I think the power as centuries goes on is Northumbria > Mercia > Wessex. Penda(Mercia?) is a pretty cool guy, kills a bunch of Bede's favourite christian kings and doesn't afraid of everything.
Wessex rises to the top because Alfred's dad manages to kill all the aethelings(individuals considered king-worthy and therefore a threat to the king) which means his kingdom is a lot more stable when the vikings come rolling in.
>good historical reading materials
Anything by James Campbell is a good start. One argument you should be aware of when reading about Anglo-Saxons is that a lot of the big historians(Campbell included) argue that the Anglo-Saxons ruled a pretty complex state for their time, but IMO they put too much emphasis on the good qualities of the anglo-saxon state because it's their field of study. Paul R. Hyams challenges this point of view pretty well in his book 'Rancour and reconciliation'.
So to get a more accurate historical picture I should read both Campbell and the Hyams book? I'm curious about the positive and negative aspects of the Anglo-Saxon Kingdoms and prefer a more accurate account, though entertainment value is worth something too.

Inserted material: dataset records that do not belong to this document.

Lemma exists_eq_of_close (I J : finType) (T : Type) (F : I -> T -> R) (G : J -> T -> R) :
  (forall eps, 0 < eps -> exists i j, forall t, `|F i t - G j t| < eps) ->
  exists i j, forall t, F i t = G j t.
Proof.
move=> close; apply: contrapT => /forallNP no_eq.
have witness (ij : I * J) : exists t, F ij.1 t != G ij.2 t.
  case: ij => i j; have /existsNP[t /eqP] : ~ forall t, F i t = G j t.
    by move=> eqFG; apply: (no_eq i); exists j.
  by exists t.
have [t_of neqFG] := choice witness.
pose gap ij := `|F ij.1 (t_of ij) - G ij.2 (t_of ij)|.
have gap_gt0 : 0 < \big[Num.min/1]_ij gap ij.
  by apply: lt_bigmin => // ij _; rewrite normr_gt0 subr_eq0.
have [i [j close_ij]] := close _ gap_gt0.
by have := close_ij (t_of (i, j)); rewrite ltNge (bigmin_le _ (i, j)).
Qed.

End OrderedSums.

Section Sqrt.
Variable R : rcfType.
Implicit Types a b : R.

Lemma sqrtrD_le a b : 0 <= a -> 0 <= b -> Num.sqrt (a + b) <= Num.sqrt a + Num.sqrt b.
Proof.
move=> a_ge0 b_ge0; have sqrt_ge0 := addr_ge0 (sqrtr_ge0 a) (sqrtr_ge0 b).
rewrite -(ger0_norm sqrt_ge0) -sqrtr_sqr ler_sqrt ?sqr_ge0 // sqrrD !sqr_sqrtr //.
by rewrite -addrA lerD2l lerDr mulrn_wge0 // mulr_ge0 // sqrtr_ge0.
Qed.

Lemma sqrtr_sum_le (I : Type) (r : seq I) (P : pred I) (F : I -> R) :
  (forall i, P i -> 0 <= F i) ->
  Num.sqrt (\sum_(i <- r | P i) F i) <= \sum_(i <- r | P i) Num.sqrt (F i).
Proof.
move=> F_ge0; elim: r => [|i r IHr]; first by rewrite !big_nil sqrtr0.
rewrite !big_cons; case: ifP => // Pi.
apply: le_trans (sqrtrD_le (F_ge0 i Pi) (sumr_ge0 _ F_ge0)) _.
by rewrite lerD2l.
Qed.

Lemma sqrtrM_AGM a b : 0 <= a -> 0 <= b ->
  Num.sqrt (a * b) <= (a + b) / 2 ?= iff (a == b).
Proof.
move=> a_ge0 b_ge0; have ab_ge0 : 0 <= (a + b) / 2 by rewrite divr_ge0 ?addr_ge0.
rewrite -[X in _ <= X ?= iff _](ger0_norm ab_ge0) -sqrtr_sqr.
rewrite (mono_in_leif (A := Num.nneg)); first exact: leif_AGM2.
- by move=> x y _ y_ge0; rewrite ler_sqrt.
- by rewrite nnegrE mulr_ge0.
- by rewrite nnegrE sqr_ge0.
Qed.

Lemma sqrtr_sumM_le (I J : Type) (r : seq I) (r' : seq J) (P : pred I) (P' : pred J)
    (F : I -> R) (G : J -> R) :
  (forall i, P i -> 0 <= F i) -> (forall j, P' j -> 0 <= G j) ->
  Num.sqrt ((\sum_(i <- r | P i) F i) * \sum_(j <- r' | P' j) G j) <=
  \sum_(i <- r | P i) \sum_(j <- r' | P' j) Num.sqrt (F i) * Num.sqrt (G j).
Proof.
move=> F_ge0 G_ge0; rewrite sqrtrM ?sumr_ge0 //.
apply: le_trans (ler_pM _ _ (sqrtr_sum_le r F_ge0) (sqrtr_sum_le r' G_ge0)) _;
  rewrite ?sqrtr_ge0 // mulr_suml.
by apply: ler_sum => i _; rewrite mulr_sumr.
Qed.

End Sqrt.

Lemma sum_fiber_Some (V : nmodType) (I J : finType) (f : I -> option J) (P : pred J)
    (F : I -> V) :
  \sum_(j | P j) \sum_(i | f i == Some j) F i = \sum_(i | oapp P false (f i)) F i.
Proof.
rewrite (exchange_big_dep (fun i => oapp P false (f i))) => [|j i Pj /eqP -> //].
apply: eq_bigr => i; case: (f i) => //= j Pj.
by rewrite (big_pred1 j) // => j'; rewrite (inj_eq Some_inj) eq_sym andb_idl // => /eqP ->.
Qed.

Section Archimedean.
Variable R : archiRealFieldType.

Lemma ler_bernoulli (d : R) n : 0 <= d -> 1 + n%:R * d <= (1 + d) ^+ n.
Proof.
move=> d_ge0; elim: n => [|n IHn]; first by rewrite mul0r addr0 expr0.
rewrite exprSr; apply: le_trans (ler_wpM2r _ IHn); last by lra.
rewrite -natr1; have := mulr_ge0 (ler0n R n) (mulr_ge0 d_ge0 d_ge0); nra.
Qed.

Lemma exists_expr_lt (c eps : R) : 0 <= c -> c < 1 -> 0 < eps -> exists k, c ^+ k < eps.
Proof.
move=> c_ge0 c_lt1 eps_gt0; have [->|c_neq0] := eqVneq c 0; first by exists 1%N; rewrite expr1.
have c_gt0 : 0 < c by rewrite lt_neqAle eq_sym c_neq0.
pose d := c^-1 - 1; have d_gt0 : 0 < d by rewrite subr_gt0 invf_gt1.
have c_def : c = (1 + d)^-1 by rewrite addrC subrK invrK.
have eps_d_gt0 : 0 < (eps * d)^-1 by rewrite invr_gt0 mulr_gt0.
have /archi_boundP := ltW eps_d_gt0; set k := Num.bound _ => k_gt.
have pow_gt0 : 0 < (1 + d) ^+ k by rewrite exprn_gt0 // addr_gt0.
exists k; rewrite c_def exprVn invf_plt ?posrE //.
have k_d_gt : eps^-1 < k%:R * d by rewrite -ltr_pdivrMr // -invfM.
apply: (lt_le_trans _ (ler_bernoulli k (ltW d_gt0))); lra.
Qed.

End Archimedean.

Section PFSA.
Variables (R : realType) (S : finType).

Definition eq_mu (Q1 Q2 : finType) (G1 : pfsa R S Q1) (G2 : pfsa R S Q2) (q1 : Q1) (q2 : Q2) :=
  forall w, tpiw G1 q1 w = tpiw G2 q2 w.

Section OnePFSA.
Variables (Q : finType) (G : pfsa R S Q).
Implicit Types (q r : Q) (s : S) (x w : seq S).

Lemma tpi_le1 q s : tpi G q s <= 1.
Proof.
rewrite -(tpi_sum1 G q) (bigD1 s) //= lerDl sumr_ge0 // => s' _; exact: tpi_ge0.
Qed.
(* Let $Y$ be a solid vector space and $(X,d)$ a cone metric space over $Y$. Then $(X,d)$ is complete if and only if every nested sequence $\overline U(x_1,r_1)\supseteq\overline U(x_2,r_2)\supseteq\cdots$ of closed balls in $X$ with $r_n\to0$ in $Y$ has nonempty intersection.
   Context: Vector space with convergence: a real vector space $Y$ with a relation $\to$ between sequences in $Y$ and points of $Y$ (uniqueness of limits not assumed) such that (C1) $x_n\to x$, $y_n\to y$ imply $x_n+y_n\to x+y$; (C2) $x_n\to x$, $\lambda\in\mathbb R$ imply $\lambda x_n\to\lambda x$; (C3) $\lambda_n\to\lambda$ in $\mathbb R$ imply $\lambda_n x\to\lambda x$. $A\subseteq Y$ is open if $x_n\to x\in A$ implies $x_n\in A$ for all but finitely many $n$; closed if $x_n\to x$, $x_n\in A$ $\forall n$ imply $x\in A$; $A^\circ$ is the union of all open subsets of $A$. A cone is a nonempty closed $K$ with $\lambda K\subseteq K$ ($\lambda\ge0$), $K+K\subseteq K$, $K\cap(-K)=\{0\}$; solid if $K\ne\{0\}$, $K^\circ\neq\emptyset$. A vector ordering is a partial order $\preceq$ with (V1) $x\preceq y\Rightarrow x+z\preceq y+z$; (V2) $\lambda\ge0$, $x\preceq y\Rightarrow\lambda x\preceq\lambda y$; (V3) $x_n\to x$, $y_n\to y$, $x_n\preceq y_n$ $\forall n\Rightarrow x\preceq y$. Solid vector space: positive cone $K=\{x:x\succeq 0\}$ solid, with $x\prec y$ iff $y-x\in K^\circ$. Cone metric space over $Y$: nonempty $X$ with $d\colon X\times X\to Y$, $d(x,y)\succeq0$, $d(x,y)=0$ iff $x=y$, $d(x,y)=d(y,x)$, $d(x,y)\preceq d(x,z)+d(z,y)$. $X$ carries the topology with basis $U(x,r)=\{y:d(y,x)\prec r\}$ ($r\succ0$), so $x_n\to x$ iff for each $c\succ0$, $d(x_n,x)\prec c$ for all but finitely many $n$. Closed ball $\overline U(x,r)=\{y:d(y,x)\preceq r\}$ for $r\succeq0$. Cauchy: for every $c\succ0$ there is $N$ with $d(x_n,x_m)\prec c$ for $n,m>N$; complete: every Cauchy sequence converges. *)

From HB Require Import structures.
From mathcomp Require Import all_boot all_order all_algebra.
From mathcomp Require Import reals.
Set Implicit Arguments. Unset Strict Implicit. Unset Printing Implicit Defensive.
Import Order.TTheory GRing.Theory Num.Theory.
Local Open Scope ring_scope.

Section VSConv.
Variables (R : realType) (Y : lmodType R).

Definition real_cvg (lam : nat -> R) (l : R) : Prop :=
  forall eps : R, 0 < eps -> exists N : nat, forall n : nat, (N <= n)%N -> `|lam n - l| < eps.

Variable conv : (nat -> Y) -> Y -> Prop.

Definition conv_vs_axioms : Prop :=
  [/\ (forall x y a b, conv x a -> conv y b -> conv (fun n => x n + y n) (a + b)),
      (forall x a (lam : R), conv x a -> conv (fun n => lam *: x n) (lam *: a)) &
      (forall (lam : nat -> R) (l : R) (x : Y), real_cvg lam l ->
          conv (fun n => lam n *: x) (l *: x))].

Definition is_open (A : Y -> Prop) : Prop :=
  forall (x : nat -> Y) (a : Y), conv x a -> A a ->
    exists N : nat, forall n : nat, (N <= n)%N -> A (x n).

Definition is_closed (A : Y -> Prop) : Prop :=
  forall (x : nat -> Y) (a : Y), conv x a -> (forall n, A (x n)) -> A a.

Definition interior (A : Y -> Prop) : Y -> Prop :=
  fun y => exists U : Y -> Prop, [/\ is_open U, (forall z, U z -> A z) & U y].

Definition is_cone (K : Y -> Prop) : Prop :=
  [/\ (exists y, K y), is_closed K,
      (forall (lam : R) y, 0 <= lam -> K y -> K (lam *: y)),
      (forall y z, K y -> K z -> K (y + z)) &
      (forall y, K y -> K (- y) -> y = 0)].

Definition solid_cone (K : Y -> Prop) : Prop :=
  [/\ is_cone K, (exists y, K y /\ y <> 0) & (exists y, interior K y)].

Variable le : Y -> Y -> Prop.

Definition vector_ordering : Prop :=
  [/\ (forall x, le x x),
      (forall x y, le x y -> le y x -> x = y) &
      (forall x y z, le x y -> le y z -> le x z)] /\
  [/\ (forall x y z, le x y -> le (x + z) (y + z)),
      (forall (lam : R) x y, 0 <= lam -> le x y -> le (lam *: x) (lam *: y)) &
      (forall x y a b, conv x a -> conv y b -> (forall n, le (x n) (y n)) -> le a b)].

Definition pos_cone : Y -> Prop := fun y => le 0 y.

Definition solid_vector_space : Prop :=
  [/\ conv_vs_axioms, vector_ordering & solid_cone pos_cone].

Definition slt (x y : Y) : Prop := interior pos_cone (y - x).

Variables (X : Type) (d : X -> X -> Y).

Definition cone_metric : Prop :=
  [/\ inhabited X,
      (forall x y, le 0 (d x y)),
      (forall x y, d x y = 0 <-> x = y),
      (forall x y, d x y = d y x) &
      (forall x y z, le (d x y) (d x z + d z y))].

Definition cm_converges (x : nat -> X) (a : X) : Prop :=
  forall c : Y, slt 0 c -> exists N : nat, forall n : nat, (N <= n)%N -> slt (d (x n) a) c.

Definition cm_cauchy (x : nat -> X) : Prop :=
  forall c : Y, slt 0 c -> exists N : nat, forall n m : nat, (N < n)%N -> (N < m)%N ->
    slt (d (x n) (x m)) c.

Definition cm_complete : Prop :=
  forall x : nat -> X, cm_cauchy x -> exists a : X, cm_converges x a.

Definition closed_ball (x : X) (r : Y) : X -> Prop := fun y => le (d y x) r.

Definition nested_balls_property : Prop :=
  forall (x : nat -> X) (r : nat -> Y),
    (forall n, le 0 (r n)) ->
    (forall n y, closed_ball (x n.+1) (r n.+1) y -> closed_ball (x n) (r n) y) ->
    conv r 0 ->
    exists z : X, forall n, closed_ball (x n) (r n) z.

End VSConv.

From HB Require Import structures.
From mathcomp Require Import all_boot all_order all_algebra.
From mathcomp Require Import reals.
From Stdlib Require Import ClassicalEpsilon.
Import Order.TTheory GRing.Theory Num.Theory.
Local Open Scope ring_scope.

(* Fix an interior point [c0] of the positive cone; [2^-k c0 >> 0] tends to [0].
   Completeness gives a point in all nested balls: their centres form a Cauchy
   sequence, and its limit [a] satisfies [d(a, x_n) <= c + r_n] for every
   [c >> 0], hence [d(a, x_n) <= r_n] by letting [c = 2^-k c0] and using (V3).
   Conversely, a Cauchy sequence has a subsequence [y] with
   [d(y_k, y_(k+1)) << 2^-(k+1) c0], so the balls [B(y_k, 2^-k c0)] are nested;
   a point of their intersection is a limit of [y], hence of the whole
   Cauchy sequence. *)

Lemma real_cvg_half_expn (R : realType) : real_cvg (fun n => (2^-1 : R) ^+ n) 0.
Proof.
move=> e e0; exists (Num.Def.archi_bound e^-1) => n hn.
have /archi_boundP : 0 <= e^-1 by rewrite invr_ge0 ltW.
rewrite subr0 exprVn ger0_norm ?invr_ge0 ?exprn_ge0 // => h.
rewrite invf_plt ?posrE ?exprn_gt0 //.
apply: (lt_trans h); rewrite -natrX ltr_nat.
exact: leq_ltn_trans hn (ltn_expl _ _).
Qed.

Fixpoint strict_majorant (M : nat -> nat) (k : nat) : nat :=
  if k is k'.+1 then (maxn (strict_majorant M k') (M k)).+1 else (M 0%N).+1.

Lemma strict_majorant_gt M k : (M k < strict_majorant M k)%N.
Proof. by case: k => [|k] //=; rewrite ltnS leq_maxr. Qed.

Lemma strict_majorant_ltS M k : (strict_majorant M k < strict_majorant M k.+1)%N.
Proof. by rewrite /= ltnS leq_maxl. Qed.

Lemma strict_majorant_ge M k : (k <= strict_majorant M k)%N.
Proof.
elim: k => [|k IH] //.
exact: leq_ltn_trans IH (strict_majorant_ltS M k).
Qed.

Section SolidVectorSpace.
Variables (R : realType) (Y : lmodType R).
Variables (conv : (nat -> Y) -> Y -> Prop) (le : Y -> Y -> Prop).
Hypothesis HY : solid_vector_space conv le.

Local Notation vlt := (slt conv le).

Lemma conv_add {x y a b} : conv x a -> conv y b -> conv (fun n => x n + y n) (a + b).
Proof. by case: HY => [[+ _ _] _ _]; apply. Qed.

Lemma conv_scale {x a} (lam : R) : conv x a -> conv (fun n => lam *: x n) (lam *: a).
Proof. by case: HY => [[_ + _] _ _]; apply. Qed.

Lemma conv_scale_seq {lam : nat -> R} {l} v :
  real_cvg lam l -> conv (fun n => lam n *: v) (l *: v).
Proof. by case: HY => [[_ _ +] _ _]; apply. Qed.

Lemma conv_cst v : conv (fun _ => v) v.
Proof.
have := @conv_scale_seq (fun _ => 1) 1 v; rewrite scale1r; apply.
by move=> e e0; exists 0%N => n _; rewrite subrr normr0.
Qed.

Lemma vle_trans {x y z} : le x y -> le y z -> le x z.
Proof. by case: HY => _ [[_ _ +] _] _; apply. Qed.

Lemma vle_addr {x y} z : le x y -> le (x + z) (y + z).
Proof. by case: HY => _ [_ [+ _ _]] _; apply. Qed.

Lemma vle_scale {lam : R} {x y} : 0 <= lam -> le x y -> le (lam *: x) (lam *: y).
Proof. by case: HY => _ [_ [_ + _]] _; apply. Qed.

Lemma vle_lim {x y a b} : conv x a -> conv y b -> (forall n, le (x n) (y n)) -> le a b.
Proof. by case: HY => _ [_ [_ _ +]] _; apply. Qed.

Lemma vle_add {x y x' y'} : le x y -> le x' y' -> le (x + x') (y + y').
Proof.
move=> h h'; apply: (vle_trans (vle_addr x' h)).
by rewrite (addrC y) (addrC y); apply: vle_addr.
Qed.

Lemma subv_ge0 x y : le 0 (y - x) <-> le x y.
Proof.
split; first by move/(vle_addr x); rewrite add0r subrK.
by move/(vle_addr (- x)); rewrite subrr.
Qed.

(* Translating the open witness of [u] by [v] keeps it open and inside the cone. *)
Lemma interior_addr {u v} :
  interior conv (pos_cone le) u -> le 0 v -> interior conv (pos_cone le) (u + v).
Proof.
move=> [U [oU sU Uu]] v0; exists (fun z => U (z - v)); split.
- move=> s a cs Ua.
  have [N HN] := oU _ _ (conv_add cs (conv_cst (- v))) Ua.
  by exists N.
- by move=> z /sU hz; have := vle_add hz v0; rewrite add0r subrK.
- by rewrite addrK.
Qed.

Lemma vlt_vle {x y} : vlt x y -> le x y.
Proof. by move=> [U [_ sU /sU]] /subv_ge0. Qed.

Lemma vle_vlt_trans {x y c} : le x y -> vlt y c -> vlt x c.
Proof.
move=> /subv_ge0 hxy hyc.
by have := interior_addr hyc hxy; rewrite addrA subrK.
Qed.

Lemma vlt_add {x y x' y'} : vlt x y -> vlt x' y' -> vlt (x + x') (y + y').
Proof.
move=> h /vlt_vle /subv_ge0 h'; have := interior_addr h h'.
by rewrite /slt opprD addrACA.
Qed.

Lemma vlt0_scale (lam : R) c : 0 < lam -> vlt 0 c -> vlt 0 (lam *: c).
Proof.
rewrite /slt !subr0 => l0 [U [oU sU Uc]].
exists (fun z => U (lam^-1 *: z)); split.
- move=> s a cs Ua.
  have [N HN] := oU _ _ (conv_scale lam^-1 cs) Ua.
  by exists N.
- move=> z /sU hz; have := vle_scale (ltW l0) hz.
  by rewrite scaler0 scalerA divff ?gt_eqF // scale1r.
- by rewrite scalerA mulVf ?gt_eqF // scale1r.
Qed.

Lemma vlt_eventually {r c} : conv r 0 -> vlt 0 c ->
  exists N, forall n, (N <= n)%N -> vlt (r n) c.
Proof.
move=> cr [U [oU sU Uc]].
have := conv_add (conv_cst c) (conv_scale (-1) cr).
rewrite scaler0 addr0 => cv.
rewrite subr0 in Uc; have [N HN] := oU _ _ cv Uc.
by exists N => n /HN h; exists U; rewrite /slt -scaleN1r.
Qed.

Lemma exists_vgt0 : exists c, vlt 0 c.
Proof. by case: HY => _ _ [_ _ [c Ic]]; exists c; rewrite /slt subr0. Qed.

Definition halves (c : Y) (k : nat) : Y := (2^-1 : R) ^+ k *: c.

Lemma conv_halves c : conv (halves c) 0.
Proof. by have := conv_scale_seq c (@real_cvg_half_expn R); rewrite scale0r. Qed.

Lemma halves_gt0 {c} k : vlt 0 c -> vlt 0 (halves c k).
Proof. by apply: vlt0_scale; rewrite exprn_gt0 // invr_gt0. Qed.

Lemma halves0 c : halves c 0 = c.
Proof. by rewrite /halves expr0 scale1r. Qed.

Lemma halvesS c k : halves c k.+1 + halves c k.+1 = halves c k.
Proof.
have half_add : (2^-1 : R) + 2^-1 = 1 by rewrite [RHS]splitr mul1r.
by rewrite /halves -scalerDl exprS -mulrDl half_add mul1r.
Qed.

(* [a <= c + b] for [c = 2^-k c0] and [k -> oo] gives [a <= b] in the limit (V3). *)
Lemma vle_of_vlt_add a b : (forall c, vlt 0 c -> le a (c + b)) -> le a b.
Proof.
move=> hab; have [c0 hc0] := exists_vgt0.
have := conv_add (conv_halves c0) (conv_cst b); rewrite add0r => cv.
by apply: (vle_lim (conv_cst a) cv) => k; apply/hab/halves_gt0.
Qed.

Variables (X : Type) (d : X -> X -> Y).
Hypothesis Hd : cone_metric le d.

Local Notation ball := (closed_ball le d).
Local Notation converges := (cm_converges conv le d).
Local Notation cauchy := (cm_cauchy conv le d).

Lemma dist_sym x y : d x y = d y x.
Proof. by case: Hd. Qed.

Lemma dist_triangle x y z : le (d x y) (d x z + d z y).
Proof. by case: Hd. Qed.

Lemma dist_xx x : d x x = 0.
Proof. by case: Hd => _ _ h _ _; apply/h. Qed.

Lemma converges_of_dist_le {x a r} :
  conv r 0 -> (forall n, le (d (x n) a) (r n)) -> converges x a.
Proof.
move=> cr hxa c hc; have [N HN] := vlt_eventually cr hc.
by exists N => n /HN; apply: vle_vlt_trans.
Qed.

Lemma cauchy_of_dist_le {x r} :
  conv r 0 -> (forall n m, (n <= m)%N -> le (d (x m) (x n)) (r n)) -> cauchy x.
Proof.
move=> cr hx c hc; have [N HN] := vlt_eventually cr hc.
exists N => n m hn hm; case: (leqP n m) => h.
  by rewrite dist_sym; apply: vle_vlt_trans (hx n m h) (HN n (ltnW hn)).
exact: vle_vlt_trans (hx m n (ltnW h)) (HN m (ltnW hm)).
Qed.

Section NestedBalls.
Variables (x : nat -> X) (r : nat -> Y).
Hypothesis r_ge0 : forall n, le 0 (r n).
Hypothesis nested : forall n y, ball (x n.+1) (r n.+1) y -> ball (x n) (r n) y.

Lemma nested_ball_mem n m y : (n <= m)%N -> ball (x m) (r m) y -> ball (x n) (r n) y.
Proof.
move=> /subnKC <-; elim: (m - n)%N y => [|k IH] y; first by rewrite addn0.
by rewrite addnS => /nested /IH.
Qed.

Lemma nested_ball_centers n m : (n <= m)%N -> le (d (x m) (x n)) (r n).
Proof. by move/nested_ball_mem; apply; rewrite /closed_ball dist_xx. Qed.

Lemma nested_ball_limit a n : converges x a -> ball (x n) (r n) a.
Proof.
move=> ha; apply: vle_of_vlt_add => c hc; have [N HN] := ha c hc.
apply: vle_trans (dist_triangle a (x n) (x (maxn N n))) _.
apply: vle_add; last exact/nested_ball_centers/leq_maxr.
by rewrite dist_sym; apply/vlt_vle/HN/leq_maxl.
Qed.

Lemma nested_centers_cauchy : conv r 0 -> cauchy x.
Proof. by move/cauchy_of_dist_le; apply; apply: nested_ball_centers. Qed.

End NestedBalls.

Lemma nested_balls_of_complete :
  cm_complete conv le d -> nested_balls_property conv le d.
Proof.
move=> hc x r r_ge0 nested cr.
have [a ha] := hc x (nested_centers_cauchy x r r_ge0 nested cr).
exists a => n; exact: nested_ball_limit x r r_ge0 nested a n ha.
Qed.

Lemma cauchy_subseq_converges {x} {phi : nat -> nat} {a} :
  cauchy x -> (forall k, (k <= phi k)%N) -> converges (fun k => x (phi k)) a ->
  converges x a.
Proof.
move=> hx phi_ge hy c hc; have hc1 := halves_gt0 1 hc.
have [N1 H1] := hx _ hc1; have [N2 H2] := hy _ hc1.
exists N1.+1 => n hn; pose k := maxn N1.+1 N2.
have hk : (N1 < phi k)%N := leq_trans (leq_maxl _ _) (phi_ge k).
apply: vle_vlt_trans (dist_triangle _ _ (x (phi k))) _.
rewrite -(halves0 c) -halvesS.
exact: vlt_add (H1 _ _ hn hk) (H2 _ (leq_maxr _ _)).
Qed.

Lemma cauchy_fast_subseq {x r} : cauchy x -> (forall k, vlt 0 (r k)) ->
  exists2 phi : nat -> nat, forall k, (k <= phi k)%N &
    forall k, vlt (d (x (phi k.+1)) (x (phi k))) (r k).
Proof.
move=> hx hr; have [M HM] := ClassicalEpsilon.choice _ (fun k => hx _ (hr k)).
exists (strict_majorant M) => k; first exact: strict_majorant_ge.
apply: HM; last exact: strict_majorant_gt.
exact: ltn_trans (strict_majorant_gt M k) (strict_majorant_ltS M k).
Qed.

Lemma complete_of_nested_balls :
  nested_balls_property conv le d -> cm_complete conv le d.
Proof.
move=> hn x hx; have [c hc] := exists_vgt0.
have [phi phi_ge hphi] := cauchy_fast_subseq hx (fun k => halves_gt0 k.+1 hc).
pose y k := x (phi k).
have [z hz] : exists z, forall k, ball (y k) (halves c k) z.
  apply: (hn y (halves c)) (conv_halves c) => [k|k w hw].
    exact/vlt_vle/halves_gt0.
  rewrite /closed_ball -halvesS; apply: vle_trans (dist_triangle w _ (y k.+1)) _.
  exact: vle_add hw (vlt_vle (hphi k)).
exists z; apply: cauchy_subseq_converges hx phi_ge _.
apply: converges_of_dist_le (conv_halves c) _ => k.
rewrite dist_sym; exact: hz.
Qed.

End SolidVectorSpace.

Theorem theorem9p22 (R : realType) (Y : lmodType R)
  (conv : (nat -> Y) -> Y -> Prop) (le : Y -> Y -> Prop)
  (HY : solid_vector_space conv le)
  (X : Type) (d : X -> X -> Y) (Hd : cone_metric le d) :
  cm_complete conv le d <-> nested_balls_property conv le d.
Proof.
split; [exact: nested_balls_of_complete | exact: complete_of_nested_balls].
Qed.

>Hengist (or Hengest) and Horsa (or Hors) are figures of Anglo-Saxon history, which records the two as the Germanic brothers who led the Angle, Saxon, Frisian, and Jutish armies that conquered the first territories of Britain in the 5th century. Tradition lists Hengist (through his son, whose name varies by source) as the founder of the Kingdom of Kent.
>The Old English names Hengest and Horsa mean "stallion" and "horse" respectively.
I don't have a torrent but you don't really need the whole book to understand the point he's making, anything on feud in anglo-saxon england will cover it.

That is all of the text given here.